# Need Dr Suess transfers...Where?



## wedgees (Aug 22, 2011)

I am looking for Stock Transfers that have a Dr Suess Theme. I only need 20-30 and they don't all have to be the same design or story. A preschool is wanting all the staff to wear something Dr suess related and they thought they would have shirts made. I wanted to buy stock transfers to keep the cost down because they don't want to spend over $8-$10 a shirt...teachers are paying out of their own pocket.

Thanks


----------



## proworlded (Oct 3, 2006)

These images are not licensed for transfers.


----------



## proworlded (Oct 3, 2006)

That link doesn't work for me. If they are transfers I can almost assure you they are not licensed.


----------



## proworlded (Oct 3, 2006)

CW. I have no idea where they are coming from but certainly not from any major manufacturer in the U.S. I think the customer should verify the licensing with the Etsy supplier.


----------



## Corel Whisperer (Sep 1, 2010)

I have deleted the link and post the OP can do the search on their own. I wasn't trying to promote the use of illegal designs for transfers....


----------



## proworlded (Oct 3, 2006)

I understand. I know that some of the designs shown are definitely not licensed.


----------



## Fenrir (Mar 13, 2012)

Even if they were licensed I'm sure they would only be for personal use, and not to be made into t-shirts for a company. I have several packs of transfers that came with a CD of Disney clipart (clearance from some office supply store, not Etsy), I'm sure they would have issues with someone using it for handmade candle store employees.

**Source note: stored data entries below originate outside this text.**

Definition witnessed_edge (hatIn : T -> {set T}) (u v : T) : Prop :=
  exists (x : T) (r : seq T),
     [/\ path E x r, uniq (x :: r), size r <= k - 4 &
         infix [:: u; v] (x :: r)] /\
     [/\ in_D E s t k x, in_A E s t k (last x r) &
         exists v1 vl,
           [/\ v1 \in hatIn x, vl \in OutA E s t k (last x r) &
               uniq (s :: v1 :: (x :: r) ++ [:: vl; t])]].

Lemma witnessed_edge_of_SPG_edge (hatIn : T -> {set T}) u v :
  (forall w, in_D E s t k w -> trunc_subset (k - 2) (hatIn w) (InD E s t k w)) ->
  SPG_edge E s t k u v -> ~ definite_edge E s t k u v -> witnessed_edge hatIn u v.
Proof.
move=> hatP uv not_def.
have [a1 [x [r [b1 [sp le_pk uv_r]]]]] := inner_path_of_SPG_edge uv not_def.
have ID := InD_rel_of_inner_path sp le_pk.
have OA := OutA_rel_of_inner_path sp le_pk.
have Dx : in_D E s t k x by exists a1.
have U : uniq (s :: a1 :: (x :: r) ++ [:: b1; t]) by case/and3P: sp.
have a1_out : a1 \notin r ++ [:: b1].
  move: U; set L := (x :: r) ++ _; rewrite !cons_uniq => /and3P[_ a1_L _].
  apply: contra a1_L; rewrite /L !mem_cat !inE => /orP[->|->]; by rewrite ?orbT.
have [v1 v1_hat v1_out] : exists2 v1, v1 \in hatIn x & v1 \notin r ++ [:: b1].
  apply: trunc_subset_avoid (hatP x Dx) _ a1_out _.
    by rewrite inE; apply/asboolP.
  by move: le_pk; rewrite /= !size_cat /=; lia.
have [_ [v1_xst _]] : InD_rel E s t k x v1.
  by have [/subsetP/(_ v1 v1_hat)] := hatP x Dx; rewrite inE => /asboolP.
have v1_out' : v1 \notin s :: (x :: r) ++ [:: b1; t].
  rewrite in_cons mem_cat !inE !negb_or.
  move: v1_xst v1_out; rewrite !cons_uniq mem_cat !inE !negb_or.
  by case/and5P => /and3P[-> -> ->] _ _ _ _ /andP[-> ->].
exists x, r; split; split=> //.
- by case/and3P: sp => /= /andP[_ /andP[_]]; rewrite cat_path => /andP[].
- apply: subseq_uniq U; apply: subseq_trans (suffix_subseq [:: s; a1] _).
  exact: prefix_subseq.
- by move: le_pk; rewrite /= size_cat /=; lia.
- by exists b1.
exists v1, b1; split=> //; first by rewrite inE; apply/asboolP.
exact: uniq_replace_second U v1_out'.
Qed.

Lemma SPG_edge_of_witnessed_edge (hatIn : T -> {set T}) u v : 4 <= k ->
  (forall w, in_D E s t k w -> hatIn w \subset InD E s t k w) ->
  witnessed_edge hatIn u v -> SPG_edge E s t k u v.
Proof.
move=> le4k hat_sub [x [r [[Pr _ le_r /infixP[a [b e]]] [Dx _ wit]]]].
have [v1 [vl [v1_hat vl_out U]]] := wit.
have [E_v1x [_ [[E_sv1 _] _]]] : InD_rel E s t k x v1.
  by move/subsetP: (hat_sub x Dx) => /(_ v1 v1_hat); rewrite inE => /asboolP.
have [E_wvl [_ [_ [E_vlt _]]]] : OutA_rel E s t k (last x r) vl.
  by move: vl_out; rewrite inE => /asboolP.
exists (v1 :: (x :: r) ++ [:: vl; t]); split.
- apply/and3P; split=> //; last by rewrite /= last_cat.
  by rewrite /= E_sv1 E_v1x cat_path Pr /= E_wvl E_vlt.
- by move: le_r; rewrite /= size_cat /=; lia.
- by apply/infixP; exists (s :: v1 :: a), (b ++ [:: vl; t]); rewrite e /= -!catA.
Qed.

End UpperBoundGraph.

Unset Implicit Arguments.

Etsy seems to be a huge mishmash of incredible original arts and crafts and copyright infringing laziness. At least there's a much higher ratio of cool things than eBay has!


----------



## proworlded (Oct 3, 2006)

Let the buyer beware!


----------



## wedgees (Aug 22, 2011)

proworlded said:


> Let the buyer beware!


I felt like it may be a license issue since I wasn't finding them in any of my searches.

Thanks


----------



## gorilladiver (Oct 25, 2011)

Frequently Asked Questions
just some interesting information on Dr. Seuss artwork

Dr. Seuss - Wikipedia, the free encyclopedia

his widow Audrey Geisel, and Dr. Seuss Enterprises, L.P. is very protective of the Dr. Seuss brand


----------